Acrylic is lighter than glass, therefore acrylic tanks are way easier to transport than glass ones. However, you probably will not be transporting your tank too often so that wouldn't matter. A better consideration is that a lighter tank puts less demands on its stand and foundation. As tank stands are designed to withstand the weight of glass aquariums, using acrylic tanks means there is a greater buffer on the load capacity, making it safer. A glass tank can be very much heavier than acrylic tanks because the thickness of the glass walls have to be increased drastically the bigger the tank gets to prevent the glass from failing due to the water pressure.

Acrylic is harder to break than glass because it is more "flexible". Upon impact acrylic has more capacity to absorb and distribute the shock. You have to use far greater force to break an acrylic tank than a glass tank.

Acrylic is seamless. If made professionally, the acrylic panes are not just stuck together by adhesive. They are chemically bonded so that the different pieces actually fuses together to become one single piece. Because of this, acylic tanks does not leak!

Acrylic has less distortion than glass because of its refractive index being smaller. You can look through an acrylic tank like it is not there.


Glass Tanks

Glass tanks are easier to maintain scratch free. That means you can clean the tank easily without fear of scratching it. This is a big plus especially if you do tank maintainance regularly. While glass can also be scratched, you have to purposely scratch it wil a hard object to to leave any scratches.

Glass tanks are heavier but that is ok as long as you have a properly designed tank stand and a solid floor to locate it on.

As glass tanks are easier to break, you should get tanks with thicker walls for bigger tanks due to the water pressure. This is especially important if you wish to keep larger fish specimens that would hit against the tank wall. While you may think they may not be strong enough to break it, don't forget that water pressure is on their side! If you use a glass tank, be extra careful if you use heavy rocks. If you drop it or topple it on the tank base then you will be getting a new tank. If you must use rocks, do not be tempted to arrange it on the bare tank. Arrange it on the floor first and after you are satisfied then you transfer it into your tank. Always have something to distribute the weight of the rock such as a thick layer of sand.

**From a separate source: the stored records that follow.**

Lemma refute_a :
  refutes3 (fun '(a, b, c) => if a && ~~ b && c then 1 else 0)%N
    (true, false, false)
    (Cond (Or Vp Vq) Vr) (And (Cond Vp Vr) (Cond Vq Vr)).
Proof. by []. Qed.

Lemma refute_b :
  refutes3 (fun '(a, b, c) => if a && b then 1 else 0)%N
    (false, false, false)
    (O3 (And Vp Vq)) (O3 Vq).
Proof. by []. Qed.

Lemma refute_c :
  refutes3 (fun '(a, b, c) => if a then (if b then 1 else 2) else (if b then 1 else 0))%N
    (true, true, false)
    (And (O3 (Or Vp Vq)) (O3 (Neg Vq))) (O3 Vp).
Proof. by []. Qed.

Lemma refute_d :
  refutes3 (fun '(a, b, c) => if a && b && ~~ c then 1 else 0)%N
    (false, false, false)
    (Cond Vp Vq) (Cond (And Vp Vr) Vq).
Proof. by []. Qed.

Lemma refute_e :
  refutes3 (fun '(a, b, c) => if a then (if b then 2 else 1) else 0)%N
    (false, false, false)
    (And (Cond Vp Vq) (O3 Vp)) (O3 Vq).
Proof. by []. Qed.

Lemma refute_f :
  refutes3 (fun '(a, b, c) => if a then (if b then 3 else 0) else 1)%N
    (false, true, false)
    (O3 (Imp Vp Vq)) (Imp (O3 Vp) (O3 Vq)).
Proof. by []. Qed.

Lemma refute_g :
  refutes3 (fun '(a, b, c) => if (a && b && ~~ c) || (~~ a && b && c) then 1 else 0)%N
    (false, false, false)
    (And (Cond Vp Vq) (Cond Vq Vr)) (Cond Vp Vr).
Proof. by []. Qed.

Lemma refute_h :
  refutes3 (fun '(a, b, c) => if a != b then 1 else 0)%N
    (false, false, false)
    (And (O3 Vp) (O3 Vq)) (O3 (And Vp Vq)).
Proof. by []. Qed.

Lemma refute_i :
  refutes3 (fun '(a, b, c) => if a && (b != c) then 1 else 0)%N
    (false, false, false)
    (And (Cond Vp Vq) (Cond Vp Vr)) (Cond Vp (And Vq Vr)).
Proof. by []. Qed.

Lemma refute_j :
  refutes3 (fun '(a, b, c) => if a then (if b then 3 else 0) else (if b then 2 else 1))%N
    (false, false, false)
    (O3 (O3 Vp)) (O3 Vp).
Proof. by []. Qed.

Lemma refute_k :
  refutes3 (fun '(a, b, c) => if (a && b && ~~ c) || (~~ a && b && c) then 1 else 0)%N
    (false, false, false)
    (And (Cond Vp Vq) (Cond Vr Vq)) (Cond (And Vp Vr) Vq).
Proof. by []. Qed.

Lemma refute_l :
  invalid3 (fun _ => 0)%N
    (false, false, false)
    (O3 (Imp (O3 Vp) Vp)).
Proof. by []. Qed.

Lemma refute_m :
  refutes3 (fun '(a, b, c) => if a && b then 1 else 0)%N
    (false, true, false)
    (O3 Vp) (O3 (Or Vp Vq)).
Proof. by []. Qed.

Section Countermodels.
Variables (R : realType) (P : finType) (pi : P -> R) (v0 p q r : P).
Hypotheses (pi_gt0 : forall v, 0 < pi v) (pq : p != q) (pr : p != r) (qr : q != r).

Let to_P : Defs.form letter -> Defs.form P := form_map (letter_var v0 p q r).

Let sem3_sound_pi util := sem3_sound v0 pi_gt0 pq pr qr (util := util)
  (sigma_pi_delta_selection pi_gt0).1 (sigma_pi_based (pi := pi)).

Lemma refutes3_fails_implication util t phi psi :
  refutes3 util t phi psi -> fails_implication pi (to_P phi) (to_P psi).
Proof.
case/andP => /eqP phi_t /eqP psi_t.
exists (sigma_pi pi), (fun w => (util (val3_of p q r w))%:R); split.
- exact: sigma_pi_delta_selection.
- exact: sigma_pi_based.
exists (override p q r set0 t); have wt := val3_of_override pq pr qr set0 t.
by rewrite (sem3_sound_pi phi_t wt) (sem3_sound_pi psi_t wt).
Qed.

Lemma invalid3_fails_validity util t psi :
  invalid3 util t psi -> fails_validity pi (to_P psi).
Proof.
move=> /eqP psi_t; exists (sigma_pi pi), (fun w => (util (val3_of p q r w))%:R); split.
- exact: sigma_pi_delta_selection.
- exact: sigma_pi_based.
exists (override p q r set0 t); have wt := val3_of_override pq pr qr set0 t.
by rewrite (sem3_sound_pi psi_t wt).
Qed.
Lemma sum_nonzero_term (I : finType) (f g : I -> F) :
  \sum_i f i * g i != 0 -> exists2 i, f i != 0 & g i != 0.
Proof.
case: (pickP (fun i => (f i != 0) && (g i != 0))) => [i /andP [] | none]; first by exists i.
rewrite big1 ?eqxx // => i _.
by move: (none i) => /= /negbT /nandP [] /negPn /eqP ->; rewrite ?mul0r ?mulr0.
Qed.

End FiniteSums.

Definition delta {F : fieldType} {I : eqType} (b : I) : I -> F := fun i => (i == b)%:R%R.

Section FormalSums.
Local Open Scope ring_scope.
Variables (F : fieldType) (V : eqType).

Lemma coef_cat (x y : fsum F V) u : coef (x ++ y) u = coef x u + coef y u.
Proof. by rewrite /coef big_cat. Qed.

Lemma coef_flatten (s : seq (fsum F V)) u :
  coef (flatten s) u = \sum_(x <- s) coef x u.
Proof.
elim: s => [|x s IH] /=; first by rewrite /coef !big_nil.
by rewrite coef_cat IH big_cons.
Qed.

Lemma coef_fscale k (x : fsum F V) u : coef (fscale k x) u = k * coef x u.
Proof.
rewrite /coef /fscale big_map mulr_sumr; apply: eq_bigr => p _ /=.
by case: ifP; rewrite ?mulr0.
Qed.

Lemma coef_eq0 (x : fsum F V) u : (forall p, p \in x -> p.2 != u) -> coef x u = 0.
Proof. by move=> H; rewrite /coef big_seq big1 // => p /H /negbTE ->. Qed.

Lemma coef_sandwich0 (g : fsum F V) u : coef (sandwich [::] g [::]) u = coef g u.
Proof. by rewrite /coef /sandwich big_map; apply: eq_bigr => p _; rewrite cats0. Qed.

Lemma coef_sandwich_size (a b : seq V) (g : fsum F V) n u :
  (forall p, p \in g -> size p.2 = n) -> size u != (size a + n + size b)%N ->
  coef (sandwich a g b) u = 0.
Proof.
move=> Hg su; apply: coef_eq0 => _ /mapP [p /Hg Hp ->] /=.
by apply: contra su => /eqP <-; rewrite !size_cat Hp addnA.
Qed.
(* Let $L$ be a pretransitive logic, $k\le\omega$, and let $\mathfrak F=(W,(R_i)_{i<n})$ be the $k$-canonical frame of $L$. If $x\in W$ and $\varphi$ is a $k$-formula with $\varphi\in x$, then the set $R^*_{\mathfrak F}(x)\cap\{y\in W\mid \varphi\in y\}$ has a maximal element.
   Context: Logics are normal $n$-modal logics (sets of formulas over $p_0,p_1,\dots$, $\to,\bot$, $\Diamond_i$ ($i<n$), containing tautologies, $\Diamond_i(p\vee q)\to\Diamond_ip\vee\Diamond_iq$, $\neg\Diamond_i\bot$, closed under modus ponens, substitution and monotonicity). A $k$-formula uses only variables $p_j$, $j<k$. With $\Diamond^0\varphi=\varphi$, $\Diamond^{i+1}\varphi=\Diamond^i(\bigvee_{j<n}\Diamond_j\varphi)$, $\Diamond^{\le m}\varphi=\bigvee_{i\le m}\Diamond^i\varphi$, a logic is pretransitive if it contains $\Diamond^{m+1}p\to\Diamond^{\le m}p$ for some $m$. For a consistent logic $L$, the $k$-canonical frame has as points the maximal $L$-consistent sets of $k$-formulas, with $xR_iy$ iff $\Diamond_i\psi\in x$ for every $k$-formula $\psi\in y$. For a frame, $R_{\mathfrak F}=\bigcup_{i<n}R_i$, $R^*_{\mathfrak F}$ is its reflexive transitive closure, and $R^*_{\mathfrak F}(x)=\{y\mid xR^*_{\mathfrak F}y\}$. An element $x$ of a subset $V\subseteq W$ is a maximal element of $V$ if for all $y\in V$, $xR^*_{\mathfrak F}y$ implies $yR^*_{\mathfrak F}x$. *)

From Stdlib Require Import Relations List.
From mathcomp Require Import all_boot.
Set Implicit Arguments. Unset Strict Implicit. Unset Printing Implicit Defensive.

Inductive form (n : nat) : Type :=
| Var : nat -> form n
| Bot : form n
| Imp : form n -> form n -> form n
| Dia : 'I_n -> form n -> form n.
Arguments Bot {n}.

Section Syntax.
Variable n : nat.
Definition Neg (a : form n) : form n := Imp a Bot.
Definition Top : form n := Neg Bot.
Definition Or (a b : form n) : form n := Imp (Neg a) b.
Definition And (a b : form n) : form n := Neg (Imp a (Neg b)).

Definition bigOr (l : seq (form n)) : form n := foldr Or Bot l.
Definition bigAnd (l : seq (form n)) : form n := foldr And Top l.

Fixpoint subst (s : nat -> form n) (f : form n) : form n :=
  match f with
  | Var j => s j
  | Bot => Bot
  | Imp a b => Imp (subst s a) (subst s b)
  | Dia i a => Dia i (subst s a)
  end.

Fixpoint peval (v : form n -> bool) (f : form n) : bool :=
  match f with
  | Var _ => v f
  | Bot => false
  | Imp a b => (peval v a ==> peval v b)
  | Dia _ _ => v f
  end.
Definition tautology (f : form n) : Prop := forall v, peval v f = true.

Definition normal_logic (L : form n -> Prop) : Prop :=
  (forall f, tautology f -> L f) /\
      (forall i : 'I_n, L (Imp (Dia i (Or (Var n 0) (Var n 1)))
                             (Or (Dia i (Var n 0)) (Dia i (Var n 1))))) /\
      (forall i : 'I_n, L (Neg (Dia i Bot))) /\
      (forall a b, L (Imp a b) -> L a -> L b) /\
      (forall s f, L f -> L (subst s f)) /\
      (forall (i : 'I_n) a b, L (Imp a b) -> L (Imp (Dia i a) (Dia i b))).

Definition DiaAny (f : form n) : form n := bigOr [seq Dia j f | j <- enum 'I_n].
Fixpoint DiaPow (m : nat) (f : form n) : form n :=
  match m with
  | 0 => f
  | m'.+1 => DiaPow m' (DiaAny f)
  end.
Definition DiaLe (m : nat) (f : form n) : form n :=
  bigOr [seq DiaPow i f | i <- iota 0 m.+1].

Definition pretransitive (L : form n -> Prop) : Prop :=
  exists m, L (Imp (DiaPow m.+1 (Var n 0)) (DiaLe m (Var n 0))).

Definition consistent_logic (L : form n -> Prop) : Prop := ~ L Bot.

Inductive natw : Type := Fin of nat | Omega.
Definition var_ok (k : natw) (j : nat) : Prop :=
  match k with Fin k' => j < k' | Omega => True end.

Fixpoint kform (k : natw) (f : form n) : Prop :=
  match f with
  | Var j => var_ok k j
  | Bot => True
  | Imp a b => kform k a /\ kform k b
  | Dia _ a => kform k a
  end.

Definition Lconsistent (L : form n -> Prop) (G : form n -> Prop) : Prop :=
  forall l : seq (form n), List.Forall G l -> ~ L (Neg (bigAnd l)).

Definition maxcons (L : form n -> Prop) (k : natw) (G : form n -> Prop) : Prop :=
  [/\ (forall f, G f -> kform k f),
      Lconsistent L G &
      (forall f, kform k f -> ~ G f ->
         ~ Lconsistent L (fun g => G g \/ g = f))].

Definition cpoint (L : form n -> Prop) (k : natw) : Type :=
  {G : form n -> Prop | maxcons L k G}.

Definition crel (L : form n -> Prop) (k : natw) (i : 'I_n)
  (x y : cpoint L k) : Prop :=
  forall f, kform k f -> proj1_sig y f -> proj1_sig x (Dia i f).

Definition crel_any (L : form n -> Prop) (k : natw) (x y : cpoint L k) : Prop :=
  exists i : 'I_n, @crel L k i x y.

Definition crel_star (L : form n -> Prop) (k : natw) : relation (cpoint L k) :=
  clos_refl_trans (cpoint L k) (@crel_any L k).

Definition max_elem (L : form n -> Prop) (k : natw) (V : cpoint L k -> Prop)
  (x : cpoint L k) : Prop :=
  V x /\ forall y, V y -> @crel_star L k x y -> @crel_star L k y x.
End Syntax.
Arguments crel {n} L k i x y.
Arguments crel_any {n} L k x y.
Arguments crel_star {n} L k _ _.
Arguments max_elem {n} L k V x.
Arguments cpoint {n} L k.

(** Let [M a] be [DiaLe m a], where [L] proves [DiaPow m.+1 p -> DiaLe m p]. Pretransitivity
    makes [M] idempotent, and in the canonical frame [x R* y] holds iff [M g] is in [x] for
    every [g] in [y]; the existence half follows from Lindenbaum's lemma and a pigeonhole over
    the finitely many disjuncts of [M] and of [DiaAny].
    Enumerate the formulas as [f_0, f_1, ...] and extend [[phi]] greedily by [~ M f_i]
    whenever [x] still [M]-reaches the conjunction of everything chosen so far. A point [y]
    containing all chosen formulas with [x R* y] is maximal: if [y R* z], [x R* z] and [phi]
    is in [z], every chosen [~ M c] persists from [y] to [z]. So if some [g] in [y] had
    [~ M g] in [z], then at the stage enumerating [g] the chosen formulas together with
    [~ M g] all lie in [z], hence [x] [M]-reaches their conjunction, so [~ M g] was chosen
    and lies in [y], contradicting [g] in [y]. *)

From HB Require Import structures.
From Stdlib Require Import Relations.
From Stdlib Require Import Classical ClassicalEpsilon.
From Stdlib Require Import FunctionalExtensionality PropExtensionality ProofIrrelevance.
From mathcomp Require Import all_boot.
Set Implicit Arguments. Unset Strict Implicit. Unset Printing Implicit Defensive.

Fixpoint form_enc n (f : form n) : GenTree.tree nat :=
  match f with
  | Var j => GenTree.Leaf j
  | Bot => GenTree.Node 0 [::]
  | Imp a b => GenTree.Node 1 [:: form_enc a; form_enc b]
  | Dia i a => GenTree.Node 2 [:: GenTree.Leaf (val i); form_enc a]
  end.

Fixpoint form_dec n (t : GenTree.tree nat) : option (form n) :=
  match t with
  | GenTree.Leaf j => Some (Var n j)
  | GenTree.Node 0 [::] => Some Bot
  | GenTree.Node 1 [:: a; b] =>
      if (form_dec n a, form_dec n b) is (Some a', Some b') then Some (Imp a' b') else None
  | GenTree.Node 2 [:: GenTree.Leaf j; a] =>
      if (insub j, form_dec n a) is (Some i, Some a') then Some (Dia i a') else None
  | _ => None
  end.

Lemma form_encK n : pcancel (@form_enc n) (form_dec n).
Proof. by elim=> [j| |a IHa b IHb|i a IH] //=; rewrite ?IHa ?IHb ?valK ?IH. Qed.

HB.instance Definition _ n := Countable.copy (form n) (pcan_type (@form_encK n)).

Section Lists.
Variable T : eqType.
Implicit Types (P Q : T -> Prop) (s : seq T).

Lemma Forall_mem P s : List.Forall P s <-> {in s, forall x, P x}.
Proof.
elim: s => [|a s IH]; first by split=> // _; constructor.
rewrite List.Forall_cons_iff IH; split=> [[Pa Ps] x|Ps].
  by rewrite inE => /predU1P [->|/Ps].
by split=> [|x xs]; apply: Ps; rewrite inE ?eqxx ?xs ?orbT.
Qed.

Lemma forall_in_cat P s1 s2 :
  {in s1, forall x, P x} -> {in s2, forall x, P x} -> {in s1 ++ s2, forall x, P x}.
Proof. by move=> P1 P2 x; rewrite mem_cat => /orP [/P1|/P2]. Qed.

Lemma cover_split P Q s : {in s, forall x, P x \/ Q x} ->
  exists s1 s2, [/\ {in s1, forall x, P x}, {in s2, forall x, Q x} & {subset s <= s1 ++ s2}].
Proof.
elim: s => [|a s IH] PQs; first by exists [::], [::].
have [s1 [s2 [P1 Q2 sub]]] : exists s1 s2,
    [/\ {in s1, forall x, P x}, {in s2, forall x, Q x} & {subset s <= s1 ++ s2}].
  by apply: IH => x xs; apply: PQs; rewrite inE xs orbT.
have [Pa|Qa] := PQs a (mem_head _ _).
- exists (a :: s1), s2; split=> // [x|x]; first by rewrite inE => /predU1P [->|/P1].
  by rewrite inE => /predU1P [->|/sub]; rewrite ?mem_head // cat_cons inE => ->; rewrite orbT.
- exists s1, (a :: s2); split=> // [x|x]; first by rewrite inE => /predU1P [->|/Q2].
  rewrite inE !mem_cat inE => /predU1P [->|/sub]; first by rewrite eqxx orbT.
  by rewrite mem_cat => /orP [->|->]; rewrite ?orbT.
Qed.

Lemma chain_bound (C : nat -> T -> Prop) : (forall i x, C i x -> C i.+1 x) ->
  forall s, {in s, forall x, exists i, C i x} -> exists i, {in s, forall x, C i x}.
Proof.
move=> CS; have Cadd j i x : C i x -> C (j + i) x by elim: j => // j IH /IH /CS.
elim=> [|a s IH] Cs; first by exists 0.
have [i1 Ca] := Cs a (mem_head _ _).
have [i2 C2] : exists i, {in s, forall x, C i x}.
  by apply: IH => x xs; apply: Cs; rewrite inE xs orbT.
exists (i2 + i1) => x; rewrite inE => /predU1P [->|/C2]; first exact: Cadd.
by rewrite addnC; apply: Cadd.
Qed.

Lemma uniform_witness (I : eqType) (D : T -> Prop) (Q : I -> seq T -> Prop) (cs : seq I) :
  (forall q s1 s2, {in s1, forall x, D x} -> {in s2, forall x, D x} ->
     Q q (s1 ++ s2) -> Q q s1 /\ Q q s2) ->
  (forall s, {in s, forall x, D x} -> exists2 q, q \in cs & Q q s) ->
  exists2 q, q \in cs & forall s, {in s, forall x, D x} -> Q q s.
Proof.
move=> Qcat; elim: cs => [|q cs IH] Qs.
  have nilD : {in [::], forall x, D x} by move=> x; rewrite in_nil.
  by have [] := Qs _ nilD.
have [Qq|] := classic (forall s, {in s, forall x, D x} -> Q q s).
  by exists q; rewrite ?mem_head.
move=> /not_all_ex_not [s0 nQ]; have [Ds0 nQs0] := imply_to_and _ _ nQ.
have [q' q'cs Qq'] : exists2 q', q' \in cs & forall s, {in s, forall x, D x} -> Q q' s.
  apply: IH => s Ds; have [q' + Qq'] := Qs _ (forall_in_cat Ds0 Ds).
  rewrite inE => /predU1P [Eq'|q'cs]; last by exists q'; case: (Qcat _ _ _ Ds0 Ds Qq').
  by subst q'; case: nQs0; case: (Qcat _ _ _ Ds0 Ds Qq').
by exists q'; rewrite // inE q'cs orbT.
Qed.

End Lists.

Section Propositional.
Variable n : nat.
Implicit Types (v : form n -> bool) (a b : form n) (l : seq (form n)).

Lemma bigAnd_cons a l : bigAnd (a :: l) = And a (bigAnd l). Proof. by []. Qed.
Lemma bigOr_cons a l : bigOr (a :: l) = Or a (bigOr l). Proof. by []. Qed.

Lemma peval_Imp v a b : peval v (Imp a b) = peval v a ==> peval v b. Proof. by []. Qed.

Lemma peval_Neg v a : peval v (Neg a) = ~~ peval v a.
Proof. by rewrite peval_Imp implybF. Qed.

Lemma peval_Or v a b : peval v (Or a b) = peval v a || peval v b.
Proof. by rewrite peval_Imp peval_Neg implyNb. Qed.

Lemma peval_And v a b : peval v (And a b) = peval v a && peval v b.
Proof. by rewrite peval_Neg peval_Imp peval_Neg negb_imply negbK. Qed.

Lemma peval_bigAnd v l : peval v (bigAnd l) = all (peval v) l.
Proof. by elim: l => // a l IH; rewrite bigAnd_cons peval_And IH. Qed.

Lemma peval_bigOr v l : peval v (bigOr l) = has (peval v) l.
Proof. by elim: l => // a l IH; rewrite bigOr_cons peval_Or IH. Qed.

Definition pevalE :=
  (peval_bigAnd, peval_bigOr, peval_And, peval_Or, peval_Neg, peval_Imp).

End Propositional.

Section Syntax.
Variable n : nat.
Implicit Types (a : form n) (l : seq (form n)).

Lemma DiaPowS j a : DiaPow j.+1 a = DiaAny (DiaPow j a).
Proof. by elim: j a => //= j IH a; rewrite -IH. Qed.

Lemma subst_Imp s a b : subst s (Imp a b) = Imp (subst s a) (subst s b).
Proof. by []. Qed.

Lemma subst_bigOr s l : subst s (bigOr l) = bigOr [seq subst s f | f <- l].
Proof. by elim: l => //= a l <-. Qed.

Lemma subst_DiaPow s j a : subst s (DiaPow j a) = DiaPow j (subst s a).
Proof. by elim: j a => //= j IH a; rewrite IH /DiaAny subst_bigOr -map_comp. Qed.

Lemma subst_DiaLe s m a : subst s (DiaLe m a) = DiaLe m (subst s a).
Proof.
rewrite /DiaLe subst_bigOr -map_comp; congr bigOr.
by apply: eq_map => j /=; rewrite subst_DiaPow.
Qed.

Variable k : natw.

Lemma kform_Neg a : kform k a -> kform k (Neg a). Proof. by []. Qed.

Lemma kform_bigAnd l : {in l, forall g, kform k g} -> kform k (bigAnd l).
Proof.
elim: l => //= a l IH kl; have ka := kl a (mem_head _ _).
by do !split=> //; apply: IH => g gl; apply: kl; rewrite inE gl orbT.
Qed.

Lemma kform_bigOr l : {in l, forall g, kform k g} -> kform k (bigOr l).
Proof.
elim: l => //= a l IH kl; have ka := kl a (mem_head _ _).
by do !split=> //; apply: IH => g gl; apply: kl; rewrite inE gl orbT.
Qed.

Lemma kform_DiaAny a : kform k a -> kform k (DiaAny a).
Proof. by move=> ka; apply: kform_bigOr => _ /mapP [i _ ->]. Qed.

Lemma kform_DiaPow j a : kform k a -> kform k (DiaPow j a).
Proof. by elim: j a => //= j IH a /kform_DiaAny /IH. Qed.

Lemma kform_DiaLe m a : kform k a -> kform k (DiaLe m a).
Proof. by move=> ka; apply: kform_bigOr => _ /mapP [j _ ->]; apply: kform_DiaPow. Qed.

End Syntax.

Section CanonicalFrame.
Variables (n : nat) (L : form n -> Prop) (k : natw).
Hypothesis HL : normal_logic L.
Local Notation F := (form n).
Local Notation P := (cpoint L k).
Implicit Types (a b c f g : F) (l : seq F).

Lemma L_taut f : tautology f -> L f.
Proof. by case: HL => taut _; apply: taut. Qed.

Lemma L_MP a b : L (Imp a b) -> L a -> L b.
Proof. by case: HL => _ [_ [_ [mp _]]]; apply: mp. Qed.

Lemma L_subst s f : L f -> L (subst s f).
Proof. by case: HL => _ [_ [_ [_ [sub _]]]]; apply: sub. Qed.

Glass tanks are made by gluing pieces of glass panes together. They are very reliable, but the potential is there for the joinings to loosen and the tank to leak. However it may be a consolation to know that they don't usually break apart and spill everything all over your house. Usually if a glass tank is going to leak it will start our slowly. If you discover a tank leaking, don't just paste tape over it! Relocate your fish inside it and resillicon your tank. If you are purchasing a glass tank, touch the silicon sealant at the inside of the edges where the pieces come together and feel if it is soft. If it is hard, there is a higher chance that it will leak especially if it is a second-hand tank!

Glass distorts light more when light is passed through it therefore glass tanks distorts the size colour and position from what it really is. However, this is not significant unless you have huge tanks with very thick glass walls.

Ok hope you have enough information to decide on an acrylic or glass tank!